If we assume func(z) = O(h(n)); then Mike3's program runs like O(n^2h(n)). I believe I can reduce this to O(n log(n) h(n)) without sacrificing too much quality.
I'm going to publish it soon. But it is proving pretty tricky to get everything rightplus I suck with graphics. But theoretically this will diversify mike3's program greatly.
.......................
Wish me luck
Posts: 903
Threads: 130
Joined: Aug 2007
(02/16/2023, 10:26 AM)JmsNxn Wrote: Wish me luck
Done!
Gottfried Helms, Kassel
Posts: 1,214
Threads: 126
Joined: Dec 2010
02/19/2023, 12:24 PM
(This post was last modified: 02/19/2023, 03:11 PM by JmsNxn.)

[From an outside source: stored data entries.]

(* In the general setting described in the context, fix $n$ and let $\{y_k:k=1,\dots,L\}\subseteq M$ with weights $\tau_k>0$ satisfy, for some $A,B>0$, $A\|p\|_2^2\le\sum_{k=1}^L|p(y_k)|^2\tau_k\le B\|p\|_2^2$ for all $p\in\mathcal P_n$. For $f\in C(M)$ let $q=\operatorname{argmin}_{p\in\mathcal P_n}\sum_{k=1}^L|f(y_k)-p(y_k)|^2\tau_k$. Then $$\|f-q\|_2\le\big(1+(B/A)^2\big)^{1/2}\|f-P_nf\|_\infty.$$
   Context: $M$ is a compact space, $\mu$ a probability measure on $M$, $\|\cdot\|_2$ the $L^2(M,\mu)$-norm. $\{\phi_k:k\in\mathbb N\}$ is an orthonormal basis of $L^2(M,\mu)$ of continuous functions with $\phi_1\equiv1$. $(\lambda_k)$ is non-decreasing, $\lambda_k\ge0$, $\lambda_k\to\infty$. $\mathcal P_n=\operatorname{span}\{\phi_k:\lambda_k\le n\}$ and $P_n$ is the orthogonal projection of $L^2(M,\mu)$ onto $\mathcal P_n$. *)

From HB Require Import structures.
From mathcomp Require Import all_boot all_order all_algebra.
From mathcomp Require Import all_classical all_reals all_analysis.
Set Implicit Arguments. Unset Strict Implicit. Unset Printing Implicit Defensive.
Import Order.TTheory GRing.Theory Num.Theory numFieldNormedType.Exports.
Local Open Scope classical_set_scope.
Local Open Scope ring_scope.

Definition Borel (M : ptopologicalType) := g_sigma_algebraType (@open M).

Section Defs.
Context {R : realType} {M : ptopologicalType}.

Definition Pspace (phi : nat -> M -> R) (lambda : nat -> R) (n : R) (p : M -> R) :=
  exists (N : nat) (c : nat -> R),
    p = (fun x => \sum_(k < N | lambda k <= n) c k * phi k x).

Definition orthonormal_sys (mu : {measure set (Borel M) -> \bar R}) (phi : nat -> M -> R) :=
  forall j k : nat, (\int[mu]_x (phi j x * phi k x)%:E = ((j == k)%:R)%:E)%E.

Definition complete_system (mu : {measure set (Borel M) -> \bar R}) (phi : nat -> M -> R) :=
  forall g : Borel M -> R, measurable_fun setT g ->
    (\int[mu]_x ((g x) ^+ 2)%:E < +oo)%E ->
    (forall k, (\int[mu]_x (g x * phi k x)%:E = 0)%E) ->
    {ae mu, forall x, g x = 0}.

Definition supnorm (g : M -> R) : R := sup (range (fun x => `|g x|)).

Definition L2norm (mu : {measure set (Borel M) -> \bar R}) (g : M -> R) : \bar R :=
  Lnorm mu 2%:E (EFin \o (g : Borel M -> R)).

End Defs.

From HB Require Import structures.
From mathcomp Require Import all_boot all_order all_algebra.
From mathcomp Require Import all_classical all_reals all_analysis.
From mathcomp Require Import measurable_realfun ring lra.
Set Implicit Arguments. Unset Strict Implicit. Unset Printing Implicit Defensive.
Import Order.TTheory GRing.Theory Num.Theory numFieldNormedType.Exports.
Local Open Scope classical_set_scope.
Local Open Scope ring_scope.

(* With g := f - P_n f and r := q - P_n f in P_n, the L^2-orthogonality of g to
   P_n gives ||f - q||_2^2 = ||g||_2^2 + ||r||_2^2, and ||g||_2 <= ||g||_oo since
   mu is a probability.  The discrete least-squares residual f - q is orthogonal
   to P_n for the weighted point evaluations, so the discrete norm of r is at
   most that of g, hence at most ||g||_oo^2 sum_k tau_k <= B ||g||_oo^2 (the
   upper Marcinkiewicz-Zygmund bound applied to the constant 1 = phi 0).  The
   lower bound then gives ||r||_2^2 <= (B/A) ||g||_oo^2 <= (B/A)^2 ||g||_oo^2.
   If n < lambda 0, then P_n = {0} and r = 0. *)


Lemma quadratic_ge0_coef1_eq0 (R : realFieldType) (a b : R) :
  (forall t, 0 <= t ^+ 2 * a - 2 * t * b) -> b = 0.
Proof.
move=> hq; pose t := b / (`|a| + 1).
have a1_gt0 : 0 < `|a| + 1 by rewrite ltr_pwDr.
have tE : b = t * (`|a| + 1) by rewrite mulfVK // gt_eqF.
have : t ^+ 2 * (`|a| + 2) <= 0.
  have := hq t; have := ler_norm a; rewrite tE; nra.
rewrite pmulr_lle0 ?ltr_pwDr // => t2_le0.
have t0 : t = 0 by apply/eqP; rewrite -sqrf_eq0 eq_le t2_le0 sqr_ge0.
by rewrite tE t0 mul0r.
Qed.

Section weighted_least_squares.
Context {R : realFieldType} {T : Type} {L : nat} (y : 'I_L -> T) (tau : 'I_L -> R).
Hypothesis tau_ge0 : forall k, 0 <= tau k.

Definition wdot (u v : T -> R) := \sum_(k < L) u (y k) * v (y k) * tau k.

Definition wnorm2 (u : T -> R) := \sum_(k < L) `|u (y k)| ^+ 2 * tau k.

Lemma wnorm2_ge0 u : 0 <= wnorm2 u.
Proof. by apply: sumr_ge0 => k _; rewrite mulr_ge0 ?sqr_ge0. Qed.

Lemma wnorm2_add_scale u v t :
  wnorm2 (fun x => u x + t * v x) = wnorm2 u + 2 * t * wdot u v + t ^+ 2 * wnorm2 v.
Proof.
rewrite /wnorm2 /wdot !mulr_sumr -!big_split /=; apply: eq_bigr => k _.
rewrite !real_normK ?num_real //; ring.
Qed.

Lemma wnorm2_le u c : (forall k, `|u (y k)| <= c) -> wnorm2 u <= c ^+ 2 * \sum_(k < L) tau k.
Proof.
move=> u_le; rewrite mulr_sumr; apply: ler_sum => k _.
by rewrite ler_wpM2r // lerXn2r ?nnegrE // (le_trans _ (u_le k)).
Qed.

Variable S : (T -> R) -> Prop.
Hypothesis S_lin : forall a b p1 p2, S p1 -> S p2 -> S (fun x => a * p1 x + b * p2 x).
Variables f q : T -> R.
Hypotheses (Sq : S q) (q_min : forall p, S p -> wnorm2 (f \- q) <= wnorm2 (f \- p)).

Lemma wlsq_orthogonal p : S p -> wdot (f \- q) p = 0.
Proof.
move=> Sp; apply: (@quadratic_ge0_coef1_eq0 _ (wnorm2 p)) => t.
have := q_min (S_lin 1 t Sq Sp).
have -> : f \- (fun x => 1 * q x + t * p x) = fun x => (f \- q) x + (- t) * p x.
  by apply/funext => x /=; ring.
rewrite wnorm2_add_scale -subr_ge0; congr (0 <= _); ring.
Qed.

Lemma wlsq_wnorm2_le p : S p -> wnorm2 (q \- p) <= wnorm2 (f \- p).
Proof.
move=> Sp; have Sqp : S (q \- p).
  have -> : q \- p = fun x => 1 * q x + (-1) * p x by apply/funext => x /=; ring.
  exact: S_lin.
have -> : f \- p = fun x => (f \- q) x + 1 * (q \- p) x by apply/funext => x /=; ring.
rewrite wnorm2_add_scale wlsq_orthogonal // mulr0 addr0 expr1n mul1r.
by rewrite lerDr wnorm2_ge0.
Qed.

End weighted_least_squares.

Section continuous_functions_on_compact.
Context {R : realType} {M : ptopologicalType}.

Lemma continuous_measurable (h : M -> R) : continuous h ->
  measurable_fun [set: Borel M] (h : Borel M -> R).
Proof.
move=> /continuousP h_open; apply: (measurability _ (RGenOpens.measurableE R)).
move=> _ [_ [a [b ->] <-]]; rewrite setTI.
by apply: sub_gen_smallest; exact/h_open/interval_open.
Qed.

Lemma continuous_sqr (h : M -> R) : continuous h -> continuous (fun x => h x ^+ 2).
Proof.
move=> h_cont; have -> : (fun x => h x ^+ 2) = h \* h by apply/funext => x; rewrite expr2.
by move=> x; exact: (continuousM (h_cont x) (h_cont x)).
Qed.

Hypothesis M_compact : compact [set: M].

Lemma continuous_bounded (h : M -> R) : continuous h -> exists C, forall x, `|h x| <= C.
Proof.
move=> h_cont.
have /compact_bounded[C [_ C_bound]] : compact (h @` [set: M]).
  by apply: continuous_compact => //; exact: continuous_subspaceT.
by exists (C + 1) => x; apply: (C_bound (C + 1)); [rewrite ltrDl | exists x].
Qed.

Lemma le_supnorm (h : M -> R) x : continuous h -> `|h x| <= supnorm h.
Proof.
move=> /continuous_bounded[C C_bound]; apply: sup_upper_bound; last by exists x.
by split; [exists `|h x|, x | exists C => _ [z _ <-]].
Qed.

Variable mu : probability (Borel M) R.

Lemma continuous_integrable (h : M -> R) : continuous h ->
  mu.-integrable [set: Borel M] (EFin \o h).
Proof.
move=> h_cont; apply: measurable_bounded_integrable => //.
- exact: le_lt_trans (probability_le1 mu measurableT) (ltry 1).
- exact: continuous_measurable.
have [C C_bound] := continuous_bounded h_cont.
exists C; split; first exact: num_real.
by move=> m /ltW Cm x _ /=; exact: le_trans (C_bound x) Cm.
Qed.

Lemma continuous_integralE (h : M -> R) : continuous h ->
  (\int[mu]_x (h x)%:E = (\int[mu]_x h x)%:E)%E.
Proof.
move=> h_cont; rewrite fineK //.
exact/integrable_fin_num/continuous_integrable.
Qed.

Lemma Rintegral_cst_probability (c : R) : \int[mu]_x c = c.
Proof.
rewrite Rintegral_cst // (_ : fine _ = 1) ?mulr1 //.
exact: (f_equal fine (probability_setT mu)).
Qed.

Lemma Rintegral_sqr_le (h : M -> R) c : continuous h -> (forall x, `|h x| <= c) ->
  \int[mu]_x (h x ^+ 2) <= c ^+ 2.
Proof.
move=> h_cont h_le; rewrite -[leRHS]Rintegral_cst_probability.
apply: le_Rintegral => //.
- exact/continuous_integrable/continuous_sqr.
- exact/continuous_integrable/cst_continuous.
move=> x _; rewrite -real_normK ?num_real // lerXn2r ?nnegrE //.
exact: le_trans (h_le x).
Qed.

Lemma Rintegral_sqrB_orthogonal (g r : M -> R) : continuous g -> continuous r ->
  \int[mu]_x (g x * r x) = 0 ->
  \int[mu]_x ((g x - r x) ^+ 2) = \int[mu]_x (g x ^+ 2) + \int[mu]_x (r x ^+ 2).
Proof.
move=> g_cont r_cont gr0.
have gr_cont : continuous (g \* r) by move=> x; exact: (continuousM (g_cont x) (r_cont x)).
rewrite (@eq_Rintegral _ _ _ mu _ (fun x => (g x ^+ 2 + r x ^+ 2) - 2 * (g x * r x)));
  last by move=> x _; ring.
rewrite RintegralB //; first last.
- by apply: continuous_integrable => x; apply: cvgM; [exact: cvg_cst | exact: gr_cont].
- by apply: continuous_integrable => x; apply: cvgD; exact: continuous_sqr.
rewrite RintegralD ?RintegralZl ?gr0 ?mulr0 ?subr0 //; first exact: continuous_integrable.
all: exact/continuous_integrable/continuous_sqr.
Qed.

Lemma L2norm_le (h : M -> R) c : continuous h -> 0 <= c ->
  \int[mu]_x (h x ^+ 2) <= c ^+ 2 -> (L2norm mu h <= c%:E)%E.
Proof.
move=> h_cont c_ge0 int_le; rewrite /L2norm unlock /=.
under eq_integral => x _ do rewrite powR_mulrn // real_normK ?num_real //.
rewrite continuous_integralE; last exact: continuous_sqr.
rewrite poweR_EFin powR12_sqrt ?lee_fin; last by apply: Rintegral_ge0 => x _; exact: sqr_ge0.
by rewrite -(ger0_norm c_ge0) -sqrtr_sqr ler_sqrt ?sqr_ge0.
Qed.

End continuous_functions_on_compact.

Section Pspace.
Context {R : realType} {M : ptopologicalType}.
Variables (phi : nat -> M -> R) (lambda : nat -> R) (n : R).

Lemma Pspace_continuous : (forall k, continuous (phi k)) ->
  forall p, Pspace phi lambda n p -> continuous p.
Proof.
move=> phi_cont p [N [c ->]].
apply: (@continuous_big _ _ +%R 0 _ _ _ _ (fun (k : 'I_N) x => c k * phi k x)).
  exact: add_continuous.
by move=> k _ x; apply: cvgM; [exact: cvg_cst | exact: phi_cont].
Qed.

Lemma Pspace_lin a b p1 p2 : Pspace phi lambda n p1 -> Pspace phi lambda n p2 ->
  Pspace phi lambda n (fun x => a * p1 x + b * p2 x).
Proof.
move=> [N1 [c1 ->]] [N2 [c2 ->]]; pose N := maxn N1 N2.
exists N, (fun k => a * (c1 k *+ (k < N1)%N) + b * (c2 k *+ (k < N2)%N)).
apply/funext => x; pose P k := lambda k <= n.
rewrite (big_ord_widen_cond N P (fun k => c1 k * phi k x)) ?leq_maxl //.
rewrite (big_ord_widen_cond N P (fun k => c2 k * phi k x)) ?leq_maxr //.
rewrite !big_mkcondr !mulr_sumr -big_split /=; apply: eq_bigr => k _.
by case: (k < N1)%N; case: (k < N2)%N; rewrite /= ?mulr0n ?mulr1n; ring.
Qed.

Lemma Pspace_cst1 : phi 0%N = cst 1 -> lambda 0%N <= n -> Pspace phi lambda n (cst 1).
Proof.
move=> phi0 lambda0_le; exists 1%N, (fun _ => 1); apply/funext => x.
by rewrite big_mkcond big_ord1 lambda0_le mul1r phi0.
Qed.

Lemma Pspace_eq0 p : {homo lambda : a b / (a <= b)%N >-> a <= b} -> n < lambda 0%N ->
  Pspace phi lambda n p -> p = cst 0.
Proof.
move=> lambda_mono n_lt [N [c ->]]; apply/funext => x; rewrite big_pred0 // => k.
by apply/negbTE; rewrite -ltNge (lt_le_trans n_lt) ?lambda_mono.
Qed.

End Pspace.

Section Marcinkiewicz_Zygmund.
Context {R : realType} {M : ptopologicalType}.
Variables (mu : probability (Borel M) R) (P : (M -> R) -> Prop).
Variables (L : nat) (y : 'I_L -> M) (tau : 'I_L -> R) (A B : R).
Hypotheses (M_compact : compact [set: M]) (A_gt0 : 0 < A).
Hypothesis P_cont : forall p, P p -> continuous p.
Hypothesis MZ : forall p, P p ->
  (A%:E * \int[mu]_x ((p x) ^+ 2)%:E <= (\sum_(k < L) `|p (y k)| ^+ 2 * tau k)%:E)%E /\
  ((\sum_(k < L) `|p (y k)| ^+ 2 * tau k)%:E <= B%:E * \int[mu]_x ((p x) ^+ 2)%:E)%E.

Lemma MZ_Rintegral p : P p ->
  A * \int[mu]_x (p x ^+ 2) <= wnorm2 y tau p <= B * \int[mu]_x (p x ^+ 2).
Proof.
move=> Pp; have [] := MZ Pp.
rewrite (continuous_integralE M_compact); last exact/continuous_sqr/P_cont.
by rewrite -!EFinM !lee_fin => lower upper; apply/andP.
Qed.

Lemma MZ_sum_weights : P (cst 1) -> A <= \sum_(k < L) tau k <= B.
Proof.
move=> P1; have := MZ_Rintegral P1.
rewrite /wnorm2 /cst /= expr1n Rintegral_cst_probability !mulr1 normr1 expr1n.
by under eq_bigr => k _ do rewrite mul1r.
Qed.

Lemma MZ_Rintegral_sqr_le p c : P (cst 1) -> P p ->
  wnorm2 y tau p <= c ^+ 2 * \sum_(k < L) tau k ->
  \int[mu]_x (p x ^+ 2) <= c ^+ 2 * (B / A) ^+ 2.
Proof.
move=> P1 Pp p_le; have /andP[A_le sum_le] := MZ_sum_weights P1.
have BA_ge1 : 1 <= B / A by rewrite ler_pdivlMr // mul1r (le_trans A_le).
have int_le : \int[mu]_x (p x ^+ 2) <= c ^+ 2 * (B / A).
  rewrite -(ler_pM2l A_gt0) mulrCA [A * (B / A)]mulrC divfK ?gt_eqF //.
  have /andP[lower _] := MZ_Rintegral Pp.
  by rewrite (le_trans lower) // (le_trans p_le) // ler_wpM2l ?sqr_ge0.
by rewrite (le_trans int_le) // ler_wpM2l ?sqr_ge0 // expr2 ler_peMl // (le_trans _ BA_ge1).
Qed.

End Marcinkiewicz_Zygmund.

Theorem corollary3p4 (R : realType) (M : ptopologicalType)
  (mu : probability (Borel M) R)
  (phi : nat -> M -> R) (lambda : nat -> R)
  (hM : compact [set: M])
  (hcont : forall k, continuous (phi k))
  (hON : orthonormal_sys mu phi)
  (hcomplete : complete_system mu phi)
  (hphi0 : phi 0%N = cst 1)
  (hlam_mono : {homo lambda : a b / (a <= b)%N >-> a <= b})
  (hlam_ge0 : forall k, 0 <= lambda k)
  (hlam_oo : lambda @ \oo --> +oo)
  (n : R) (L : nat) (y : 'I_L -> M) (tau : 'I_L -> R) (A B : R)
  (htau : forall k, 0 < tau k) (hA : 0 < A) (hB : 0 < B)
  (hMZ : forall p, Pspace phi lambda n p ->
     (A%:E * \int[mu]_x ((p x) ^+ 2)%:E <= (\sum_(k < L) `|p (y k)| ^+ 2 * tau k)%:E)%E /\
     ((\sum_(k < L) `|p (y k)| ^+ 2 * tau k)%:E <= B%:E * \int[mu]_x ((p x) ^+ 2)%:E)%E)
  (f : M -> R) (hf : continuous f)
  (Pnf : M -> R)
  (hPnf : Pspace phi lambda n Pnf /\
     forall p, Pspace phi lambda n p ->
       (\int[mu]_x ((f x - Pnf x) * p x)%:E = 0)%E)
  (q : M -> R)
  (hq : Pspace phi lambda n q /\
     forall p, Pspace phi lambda n p ->
       \sum_(k < L) `|f (y k) - q (y k)| ^+ 2 * tau k
         <= \sum_(k < L) `|f (y k) - p (y k)| ^+ 2 * tau k) :
  (L2norm mu (f \- q)%R <= (Num.sqrt (1 + (B / A) ^+ 2) * supnorm (f \- Pnf)%R)%:E)%E.
Proof.
have [PPnf Pnf_orth] := hPnf; have [Pq q_min] := hq.
have Pcont : forall p, Pspace phi lambda n p -> continuous p := Pspace_continuous hcont.
set g := f \- Pnf; set s := supnorm g; pose r := q \- Pnf.
have Pr : Pspace phi lambda n r.
  have -> : r = fun x => 1 * q x + (-1) * Pnf x by apply/funext => x; rewrite /r /=; ring.
  exact: Pspace_lin.
have g_cont : continuous g by move=> x; exact: continuousB (hf x) (Pcont _ PPnf x).
have r_cont := Pcont _ Pr.
have g_le x : `|g x| <= s by exact: le_supnorm.
have s_ge0 : 0 <= s := le_trans (normr_ge0 _) (g_le point).
have gr0 : \int[mu]_x (g x * r x) = 0.
  have := Pnf_orth _ Pr; rewrite (continuous_integralE hM) => [[] //|].
  by move=> x; exact: continuousM (g_cont x) (r_cont x).
have wnorm2_r : wnorm2 y tau r <= s ^+ 2 * \sum_(k < L) tau k.
  have tau_ge0 k : 0 <= tau k := ltW (htau k).
  apply: le_trans (wlsq_wnorm2_le tau_ge0 (@Pspace_lin _ _ phi lambda n) Pq q_min PPnf) _.
  exact: wnorm2_le.
have int_r : \int[mu]_x (r x ^+ 2) <= s ^+ 2 * (B / A) ^+ 2.
  have [lambda0_le | n_lt] := leP (lambda 0%N) n.
    exact: (MZ_Rintegral_sqr_le hM hA Pcont hMZ (Pspace_cst1 hphi0 lambda0_le) Pr wnorm2_r).
  rewrite (Pspace_eq0 hlam_mono n_lt Pr) /cst expr0n Rintegral_cst_probability.
  by rewrite mulr_ge0 ?sqr_ge0.
have -> : f \- q = g \- r by apply/funext => x; rewrite /g /r /=; ring.
apply: L2norm_le => //; first by move=> x; exact: continuousB (g_cont x) (r_cont x).
rewrite mulr_ge0 ?sqrtr_ge0 //.
rewrite Rintegral_sqrB_orthogonal // exprMn sqr_sqrtr ?addr_ge0 ?sqr_ge0 // mulrDl mul1r.
by rewrite mulrC lerD // Rintegral_sqr_le.
Qed.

(02/16/2023, 03:08 PM)Gottfried Wrote: (02/16/2023, 10:26 AM)JmsNxn Wrote: Wish me luck
Done!
Lmao!
I'm a little stuck. But I have managed to make it so that instead of pixel by pixel run, we have \(n \times n\) pixels; with the origin as the sample point. So it makes it a little blocky. But it still displays the function, especially if you just "lower the resolution" by a small amount. I'm having a lot of trouble at writing the splining. But I think this is still an awesome tool. Despite what turns out. If mike3's program grows like \(O(N)\)for \(N^2\) amount of pixels. I've at least got it to \(O(N^{1\delta})\) for \(\delta >0\) but \(\delta \approx 0\). But the final graph is a bit more blocky depending on how big \(\delta\) is. It's really not that noticeable. But it's taking way faster to graph Literally quartering graph time With only a little bit of "lower resolution" on the graph
Once I figure out how to efficiently write splining, so without killing the \(O(N)\), we'll be coasting! Instead of setting each \(4 \times 4\) pixel block to the reference point, we spline towards the four corners of reference points... it'll look the exact same and run like \(O(N^{1\delta})\) rather than \(O(N)\). It'll save us so much fucking time!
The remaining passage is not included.